A Division will be typically made up of around 600 to 800 personnel. This will ensure each Division has the resources and skills to deliver a wider range of community policing and specialist services based on the demand in their area.
The Association of Garda Sergeants and Inspectors (AGSI) said it will support the implementation of the new operational policing model but that there are unanswered questions around funding, manpower, and the impact on rural policing. AGSI has also said it remains unconvinced that the new model will operationally improve policing delivery to the public.
Garda Superintendents are also understood to have raised concerns with the Garda Commissioner at a meeting this week around severance packages for its members, the lack of promotional opportunities with a reductions in senior officers, and the lack of consultation.
The Policing Authority has also supported the new model, and said that when implemented it should result in an increase in garda resources and greater autonomy at divisional level, which will make it possible to better respond to the specific needs of the local community.
A move to a divisional policing model was a key recommendation in the Garda Inspectorate’s ‘Changing Policing in Ireland’ report.

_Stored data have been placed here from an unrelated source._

(* Let $m,n,d,e$ be positive integers with $m=2n$ and $e=\gcd(n,d)=\gcd(m,d)$, and let $s\ge0$ and $u\ge1$ be integers. If $H$ is an $\mathbb{F}_{2^e}$-subspace of $\mathbb{F}_{2^e}^u$ of dimension $i$, then \[|W_{s,u,H}|=2^{mi}\,|V_{s,u-i}|.\]
   Context: For integers $s\ge0$ and $u\ge1$, $V_{s,u}$ denotes the set of solutions $(x_1,\dots,x_{2u})\in\mathbb{F}_{2^m}^{2u}$ of the system \[\sum_{i=1}^u\big(x_{2i-1}x_{2i}^{2^{(\frac{n}{e}-j)d}}+x_{2i-1}^{2^{(\frac{n}{e}-j)d}}x_{2i}\big)=0,\qquad j=0,1,\dots,s.\] By convention $|V_{s,0}|=1$. For $\vec x=(x_1,\dots,x_{2u})\in V_{s,u}$ let $Z(\vec x)=\{(c_1,\dots,c_u)\in\mathbb{F}_{2^e}^u\mid \sum_{i=1}^u c_ix_{2i}=0\}$. For a subspace $H\subseteq\mathbb{F}_{2^e}^u$ let $W_{s,u,H}=\{\vec x\in V_{s,u}\mid Z(\vec x)\supseteq H\}$. *)

From HB Require Import structures.
From mathcomp Require Import all_boot all_order all_algebra all_field.
Set Implicit Arguments. Unset Strict Implicit. Unset Printing Implicit Defensive.
Import Order.TTheory GRing.Theory Num.Theory.
Local Open Scope ring_scope.

(* F plays the role of F_{2^m}.  The Frobenius power x^(2^t) for an integer
   t (possibly negative) is x^(2^(t mod m)), since x^(2^m) = x on F_{2^m}. *)
Definition frobz (F : finFieldType) (m : nat) (t : int) (x : F) : F :=
  x ^+ (2 ^ `|(t %% m%:Z)%Z|%N)%N.

(* A point (x_1,...,x_{2u}) of F^{2u} is encoded as x : {ffun 'I_u -> F * F}
   with x i = (x_{2i-1}, x_{2i})  (0-based i). *)
Definition Vset (F : finFieldType) (m n d e s u : nat) : {set {ffun 'I_u -> F * F}} :=
  [set x : {ffun 'I_u -> F * F} |
    [forall j : 'I_s.+1,
      \sum_(i < u)
        ((x i).1 * frobz m (((n %/ e)%:Z - (nat_of_ord j)%:Z) * d%:Z) (x i).2
         + frobz m (((n %/ e)%:Z - (nat_of_ord j)%:Z) * d%:Z) (x i).1 * (x i).2)
      == 0]].

(* K plays the role of F_{2^e}, embedded in F by iota. *)
Definition Zset (K F : finFieldType) (iota : {rmorphism K -> F}) (u : nat)
  (x : {ffun 'I_u -> F * F}) : {set 'rV[K]_u} :=
  [set c : 'rV[K]_u | \sum_(i < u) iota (c 0 i) * (x i).2 == 0].

Definition Wset (K F : finFieldType) (iota : {rmorphism K -> F})
  (m n d e s u : nat) (H : {vspace 'rV[K]_u}) : {set {ffun 'I_u -> F * F}} :=
  [set x in Vset F m n d e s u |
    [forall c : 'rV[K]_u, (c \in H) ==> (c \in Zset iota x)]].
Arguments Vset F m n d e s u : clear implicits.
Arguments Wset K F iota m n d e s u H : clear implicits.
Arguments Zset K F iota u x : clear implicits.

(* Pick a basis of F_{2^e}^u whose first i vectors span H, with change-of-basis matrices
   M, P = M^-1 over F_{2^e}, and substitute x_odd := x_odd M, x_even := P x_even.  Each
   equation is a sum of terms a b^q + a^q b with q = 2^t and t = (n/e - j) d mod m a multiple
   of e, since e divides d and m; the entries of M and P are fixed by x |-> x^q and this power is additive,
   so the substitution preserves every equation.  It carries the points with x_{2k} = 0 for
   k < i bijectively onto W_{s,u,H}; for those points the first i pairs drop out of the
   equations, so their odd coordinates are free and the remaining pairs form a point of
   V_{s,u-i}. *)

From HB Require Import structures.
From mathcomp Require Import all_boot all_order all_algebra all_field.
Import GRing.Theory.
Local Open Scope ring_scope.
Set Implicit Arguments. Unset Strict Implicit.

Lemma sumr_exprn_pchar (R : comNzRingType) q (I : finType) (f : I -> R) :
  [pchar R].-nat q -> (\sum_i f i) ^+ q = \sum_i f i ^+ q.
Proof.
move=> charq; apply: (big_morph (fun x : R => x ^+ q)); first by move=> x y; exact: exprDn_pchar.
by case/andP: charq => q_gt0 _; rewrite expr0n eqn0Ngt q_gt0.
Qed.

Lemma expf_card_expn (K : finFieldType) r (k : K) : k ^+ (#|K| ^ r) = k.
Proof. by elim: r => [|r IH]; rewrite ?expn0 ?expr1 // expnSr exprM IH expf_card. Qed.

Lemma dvdn_absz_modz (e m : nat) (z : int) :
  (e %| m)%N -> (e%:Z %| z)%Z -> (e %| `|(z %% m%:Z)%Z|)%N.
Proof.
move=> em ez; rewrite -[e]/(`|e%:Z|)%N -dvdzE.
have -> : (z %% m%:Z)%Z = z - (z %/ m%:Z)%Z * m%:Z.
  by rewrite {2}(divz_eq z m%:Z) addrC addKr.
by rewrite rpredB // dvdz_mull // dvdzE.
Qed.

Section PairMatrixAction.
Variables (R : comNzRingType) (u : nat).
Implicit Types (A C : 'M[R]_u) (x : {ffun 'I_u -> R * R}).

Definition mxpair_act A C x : {ffun 'I_u -> R * R} :=
  [ffun k => (\sum_r (x r).1 * A r k, \sum_r C k r * (x r).2)].

Lemma mxpair_actM A1 C1 A2 C2 x :
  mxpair_act A2 C2 (mxpair_act A1 C1 x) = mxpair_act (A1 *m A2) (C2 *m C1) x.
Proof.
apply/ffunP=> k; rewrite !ffunE /=; congr (_, _).
  under eq_bigr do rewrite ffunE /= mulr_suml.
  rewrite exchange_big; apply: eq_bigr => s _; rewrite mxE mulr_sumr.
  by apply: eq_bigr => r _; rewrite mulrA.
under eq_bigr do rewrite ffunE /= mulr_sumr.
rewrite exchange_big; apply: eq_bigr => s _; rewrite mxE mulr_suml.
by apply: eq_bigr => r _; rewrite mulrA.
Qed.

Lemma mxpair_act1 x : mxpair_act 1%:M 1%:M x = x.
Proof.
apply/ffunP=> k; rewrite !ffunE /=.
rewrite (bigD1 k) //= big1 ?addr0; last by move=> r /negPf nrk; rewrite mxE nrk mulr0.
rewrite (bigD1 k) //= big1 ?addr0; last by move=> r; rewrite eq_sym => /negPf nkr; rewrite mxE nkr mul0r.
by rewrite !mxE eqxx mulr1 mul1r; case: (x k).
Qed.

Lemma mxpair_act_can A C : A *m C = 1%:M -> cancel (mxpair_act A C) (mxpair_act C A).
Proof. by move=> AC1 x; rewrite mxpair_actM AC1 mxpair_act1. Qed.

Lemma sum_mul_mxpair A C (f g : 'I_u -> R) :
  A *m C = 1%:M ->
  \sum_k (\sum_r f r * A r k) * (\sum_s C k s * g s) = \sum_r f r * g r.
Proof.
move=> AC1.
transitivity (\sum_r \sum_s f r * g s * (A *m C) r s).
  under eq_bigr do rewrite mulr_suml.
  rewrite exchange_big; apply: eq_bigr => r _.
  under eq_bigr do rewrite mulr_sumr.
  rewrite exchange_big; apply: eq_bigr => s _.
  rewrite mxE mulr_sumr; apply: eq_bigr => k _.
  by rewrite [RHS]mulrACA [g s * _]mulrC.
apply: eq_bigr => r _; rewrite AC1.
rewrite (bigD1 r) //= big1 ?addr0; last by move=> s; rewrite eq_sym => /negPf nrs; rewrite mxE nrs mulr0.
by rewrite mxE eqxx mulr1.
Qed.

Definition frob_form (q : nat) (p : R * R) := p.1 * p.2 ^+ q + p.1 ^+ q * p.2.

Lemma sum_frob_form_mxpair_act q A C x :
  [pchar R].-nat q -> A *m C = 1%:M ->
  (forall i j, A i j ^+ q = A i j) -> (forall i j, C i j ^+ q = C i j) ->
  \sum_i frob_form q (mxpair_act A C x i) = \sum_i frob_form q (x i).
Proof.
move=> charq AC1 fixA fixC; rewrite /frob_form !big_split /=; congr (_ + _).
  rewrite -(sum_mul_mxpair (fun r => (x r).1) (fun r => (x r).2 ^+ q) AC1).
  apply: eq_bigr => k _; rewrite ffunE /= sumr_exprn_pchar //; congr (_ * _).
  by apply: eq_bigr => r _; rewrite exprMn fixC.
rewrite -(sum_mul_mxpair (fun r => (x r).1 ^+ q) (fun r => (x r).2) AC1).
apply: eq_bigr => k _; rewrite ffunE /= sumr_exprn_pchar //; congr (_ * _).
by apply: eq_bigr => r _; rewrite exprMn fixA.
Qed.

End PairMatrixAction.

Lemma Vset_mxpair_act (m n d e s u : nat) (K F : finFieldType) (iota : {rmorphism K -> F})
    (M P : 'M[K]_u) (x : {ffun 'I_u -> F * F}) :
  (e %| m)%N -> (e %| d)%N -> #|K| = (2 ^ e)%N -> (2 \in [pchar F])%N -> M *m P = 1%:M ->
  x \in Vset F m n d e s u -> mxpair_act (map_mx iota M) (map_mx iota P) x \in Vset F m n d e s u.
Proof.
move=> em ed cardK charF MP; rewrite !inE => /forallP Vx; apply/forallP => j.
move: (Vx j); set z := (_ * d%:Z)%R; set t := `|(z %% m%:Z)%Z|%N.
have fixK (k : K) : iota k ^+ (2 ^ t)%N = iota k.
  have /dvdnP [r ->] : (e %| t)%N by rewrite dvdn_absz_modz // dvdz_mull // dvdzE.
  by rewrite -rmorphXn mulnC expnM -cardK expf_card_expn.
have charq : [pchar F].-nat (2 ^ t)%N by rewrite pnatX (pnatE _ (isT : prime 2)) charF.
have iotaMP : map_mx iota M *m map_mx iota P = 1%:M by rewrite -map_mxM MP map_mx1.
have frob_formE (y : {ffun 'I_u -> F * F}) :
  \sum_i ((y i).1 * frobz m z (y i).2 + frobz m z (y i).1 * (y i).2)
  = \sum_i frob_form (2 ^ t)%N (y i) by [].
by rewrite !frob_formE sum_frob_form_mxpair_act // => i k; rewrite mxE fixK.
Qed.

Lemma vspace_completed_basis (K : fieldType) (vT : vectType K) (H : {vspace vT}) k :
  \dim {:vT} = k ->
  exists B : k.-tuple vT, basis_of fullv B /\ forall l, (l < \dim H)%N -> B`_l = (vbasis H)`_l.
Proof.
move=> dimk; set S := vbasis H ++ vbasis H^C.
have sizeS : size S = k by rewrite size_cat !size_tuple dimv_compl -dimk subnKC ?dimvS ?subvf.
exists [tuple S`_l | l < k]; split; last first.
  move=> l lH; have lk : (l < k)%N by rewrite -dimk (leq_trans lH) ?dimvS ?subvf.
  by rewrite -[l]/(val (Ordinal lk)) -tnth_nth tnth_mktuple nth_cat size_tuple lH.
have -> : [tuple S`_l | l < k] = S :> seq vT.
  apply: (@eq_from_nth _ 0); first by rewrite size_tuple sizeS.
  move=> l; rewrite size_tuple => lk.
  by rewrite -[l]/(val (Ordinal lk)) -tnth_nth tnth_mktuple.
rewrite /basis_of cat_free span_cat !(basis_free (vbasisP _)) !(span_basis (vbasisP _)).
have -> : directv (H + H^C) by apply/directv_addP; rewrite capv_compl.
by rewrite addv_complf eqxx.
Qed.

Lemma vspace_adapted_mx (K : fieldType) u (H : {vspace 'rV[K]_u}) :
  exists M P : 'M[K]_u, [/\ M *m P = 1%:M,
     forall k : 'I_u, (k < \dim H)%N -> row k M \in H &
     forall c, c \in H -> forall k : 'I_u, (\dim H <= k)%N -> (c *m P) 0 k = 0].
Proof.
have [|B [basisB B_H]] := vspace_completed_basis H (k := u); first by rewrite dimvf /dim /= mul1n.
have [spanB freeB] := andP basisB.
pose M : 'M[K]_u := \matrix_(k, j) B`_k 0 j.
pose P : 'M[K]_u := \matrix_(r, k) coord B k (delta_mx 0 r).
have rowM k : row k M = B`_k by apply/rowP => j; rewrite !mxE.
have mulP c : c *m P = \row_k coord B k c.
  apply/rowP => k; rewrite !mxE {2}(row_sum_delta c) linear_sum.
  by apply: eq_bigr => r _; rewrite linearZ /= mxE.
exists M, P; split.
- apply: mulmx1C; apply/row_matrixP => r; rewrite row_mul rowE mulP mulmx_sum_row.
  rewrite [RHS]rowE mulmx1; under eq_bigr do rewrite rowM mxE.
  by rewrite -coord_span // (eqP spanB) memvf.
- move=> k kH; rewrite rowM B_H //.
  by apply: vbasis_mem; apply: mem_nth; rewrite size_tuple.
- move=> c cH k kH; rewrite mulP mxE (coord_vbasis cH) linear_sum big1 // => l _.
  have lu : (l < u)%N := leq_trans (ltn_ord l) (leq_trans kH (ltnW (ltn_ord k))).
  have -> : (vbasis H)`_l = B`_(Ordinal lu) by rewrite B_H //= ltn_ord.
  have coordB := coord_free (Ordinal lu) k freeB; rewrite /= in coordB.
  rewrite linearZ /= coordB.
  case: eqP => [lk|]; last by rewrite mulr0.
  by move: kH; rewrite -lk /= leqNgt ltn_ord.
Qed.

Definition Vset_head0 (F : finFieldType) (m n d e s u i : nat) : {set {ffun 'I_u -> F * F}} :=
  [set x in Vset F m n d e s u | [forall k : 'I_u, (k < i)%N ==> ((x k).2 == 0)]].

Definition pad_head (F : finFieldType) i u (p : {ffun 'I_i -> F} * {ffun 'I_u -> F * F}) :
  {ffun 'I_(i + u) -> F * F} :=
  [ffun k => match split k with inl k1 => (p.1 k1, 0) | inr k2 => p.2 k2 end].

Lemma sum_frobz_rshift (F : finFieldType) m z i u (x : {ffun 'I_(i + u) -> F * F}) :
  (forall k : 'I_i, (x (lshift u k)).2 = 0) ->
  \sum_(k < i + u) ((x k).1 * frobz m z (x k).2 + frobz m z (x k).1 * (x k).2)
  = \sum_(k < u) ((x (rshift i k)).1 * frobz m z (x (rshift i k)).2
                  + frobz m z (x (rshift i k)).1 * (x (rshift i k)).2).
Proof.
move=> x0; rewrite big_split_ord /= big1 ?add0r // => k _.
by rewrite x0 /frobz expr0n expn_eq0 !mulr0 addr0.
Qed.

Lemma Vset_head0_pad_head (F : finFieldType) m n d e s i u :
  Vset_head0 F m n d e s (i + u) i = @pad_head F i u @: setX setT (Vset F m n d e s u).
Proof.
have splitl (k : 'I_i) : split (lshift u k) = inl k := unsplitK (inl k).
have splitr (k : 'I_u) : split (rshift i k) = inr k := unsplitK (inr k).
apply/setP => x; apply/idP/imsetP.
- rewrite inE => /andP [Vx /forallP x0].
  have x0l (k : 'I_i) : (x (lshift u k)).2 = 0.
    by move: (x0 (lshift u k)) => /implyP /(_ (ltn_ord k)) /eqP.
  exists ([ffun k => (x (lshift u k)).1], [ffun k => x (rshift i k)]).
    rewrite !inE /=; move: Vx; rewrite inE => /forallP Vx; apply/forallP => j.
    by move: (Vx j); rewrite sum_frobz_rshift //; under eq_bigr do rewrite ffunE.
  apply/ffunP => k; rewrite ffunE; case: split_ordP => j ->; rewrite ?splitl ?splitr !ffunE //=.
  by rewrite -(x0l j); case: (x _).
- case=> [[a y]]; rewrite !inE /= => Vy ->.
  have pad0 (k : 'I_i) : (pad_head (a, y) (lshift u k)).2 = 0 by rewrite ffunE splitl.
  apply/andP; split.
    move/forallP: Vy => Vy; apply/forallP => j.
    by rewrite sum_frobz_rshift //; under eq_bigr do rewrite ffunE splitr; exact: Vy.
  by apply/forallP => k; apply/implyP; rewrite ffunE; case: split_ordP.
Qed.

Lemma card_Vset_head0 (F : finFieldType) m n d e s i u : (i <= u)%N ->
  #|Vset_head0 F m n d e s u i| = (#|F| ^ i * #|Vset F m n d e s (u - i)|)%N.
Proof.
move=> /subnKC; move: (u - i)%N => u' <-.
have splitl (k : 'I_i) : split (lshift u' k) = inl k := unsplitK (inl k).
have splitr (k : 'I_u') : split (rshift i k) = inr k := unsplitK (inr k).
rewrite Vset_head0_pad_head card_in_imset ?cardsX ?cardsT ?card_ffun ?card_ord //.
move=> [a y] [a' y'] _ _ /ffunP eq_pad; congr (_, _); apply/ffunP => k.
  by move: (eq_pad (lshift u' k)); rewrite !ffunE splitl => -[].
by move: (eq_pad (rshift i k)); rewrite !ffunE splitr.
Qed.

Section WsetChangeOfBasis.
Variables (m n d e s u : nat) (K F : finFieldType) (iota : {rmorphism K -> F}).
Variables (H : {vspace 'rV[K]_u}) (M P : 'M[K]_u).
Hypotheses (em : (e %| m)%N) (ed : (e %| d)%N).
Hypotheses (cardK : #|K| = (2 ^ e)%N) (charF : (2 \in [pchar F])%N).
Hypotheses (MP : M *m P = 1%:M) (rowM_H : forall k : 'I_u, (k < \dim H)%N -> row k M \in H).
Hypothesis mulP_H : forall c, c \in H -> forall k : 'I_u, (\dim H <= k)%N -> (c *m P) 0 k = 0.

Local Notation act := (mxpair_act (map_mx iota M) (map_mx iota P)).
Local Notation act_inv := (mxpair_act (map_mx iota P) (map_mx iota M)).

Lemma Zset_mxpair_act c x :
  (c \in Zset K F iota u (act x)) = (\sum_r iota ((c *m P) 0 r) * (x r).2 == 0).
Proof.
rewrite inE; congr (_ == 0); under eq_bigr do rewrite ffunE /= mulr_sumr.
rewrite exchange_big; apply: eq_bigr => r _; rewrite mxE rmorph_sum mulr_suml.
by apply: eq_bigr => k _; rewrite rmorphM /= mxE mulrA.
Qed.

Lemma Wset_mxpair_act : Wset K F iota m n d e s u H = act @: Vset_head0 F m n d e s u (\dim H).
Proof.
have PM : P *m M = 1%:M := mulmx1C MP.
have iotaMP : map_mx iota M *m map_mx iota P = 1%:M by rewrite -map_mxM MP map_mx1.
apply/setP => y; apply/idP/imsetP.
- rewrite inE => /andP [Vy /forallP yZ].
  exists (act_inv y); last by rewrite (mxpair_act_can _) // -map_mxM PM map_mx1.
  rewrite inE Vset_mxpair_act //=; apply/forallP => k; apply/implyP => kH.
  move: (yZ (row k M)); rewrite rowM_H // inE => /eqP <-; rewrite ffunE /=.
  by apply/eqP; apply: eq_bigr => r _; rewrite !mxE.
- case=> x; rewrite inE => /andP [Vx /forallP x0] ->.
  rewrite inE Vset_mxpair_act //=; apply/forallP => c; apply/implyP => cH.
  rewrite Zset_mxpair_act big1 // => r _.
  case: (ltnP r (\dim H)) => [rH|Hr]; last by rewrite mulP_H // rmorph0 mul0r.
  by move: (x0 r); rewrite rH => /eqP ->; rewrite mulr0.
Qed.

Lemma card_Wset : #|Wset K F iota m n d e s u H| = #|Vset_head0 F m n d e s u (\dim H)|.
Proof.
have iotaMP : map_mx iota M *m map_mx iota P = 1%:M by rewrite -map_mxM MP map_mx1.
by rewrite Wset_mxpair_act card_imset //; exact: can_inj (mxpair_act_can iotaMP).
Qed.

End WsetChangeOfBasis.

Theorem lemma6p1 (m n d e : nat) (K F : finFieldType) (iota : {rmorphism K -> F})
  (s u i : nat) (H : {vspace 'rV[K]_u}) :
  (0 < m)%N -> (0 < n)%N -> (0 < d)%N -> (0 < e)%N ->
  m = (2 * n)%N -> e = gcdn n d -> e = gcdn m d ->
  #|F| = (2 ^ m)%N -> #|K| = (2 ^ e)%N ->
  \dim H = i ->
  #|Wset K F iota m n d e s u H| = (2 ^ (m * i) * #|Vset F m n d e s (u - i)|)%N.
Proof.
move=> _ _ _ _ _ _ e_gcd cardF cardK <-.
have charF : (2 \in [pchar F])%N by exact: card_finPcharP cardF _.
have em : (e %| m)%N by rewrite e_gcd dvdn_gcdl.
have ed : (e %| d)%N by rewrite e_gcd dvdn_gcdr.
have [M [P [MP rowM_H mulP_H]]] := vspace_adapted_mx H.
have dimH_le : (\dim H <= u)%N.
  by rewrite (leq_trans (dimvS (subvf H))) // dimvf /dim /= mul1n.
rewrite (card_Wset n s iota em ed cardK charF MP rowM_H mulP_H).
by rewrite card_Vset_head0 // cardF expnM.
Qed.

In their assessment the oversight body said that the “current structure is highly inefficient and a move to a much smaller number of divisions would release significant numbers of members and garda staff from administrative work back to front-line duties.
“With the recommendation to move to a divisional policing model, the Inspectorate believes that the divisional chief superintendent should have full responsibility for all aspects of policing. This includes full authority over the deployment of all personnel (members and garda staff) within their division,” the report added.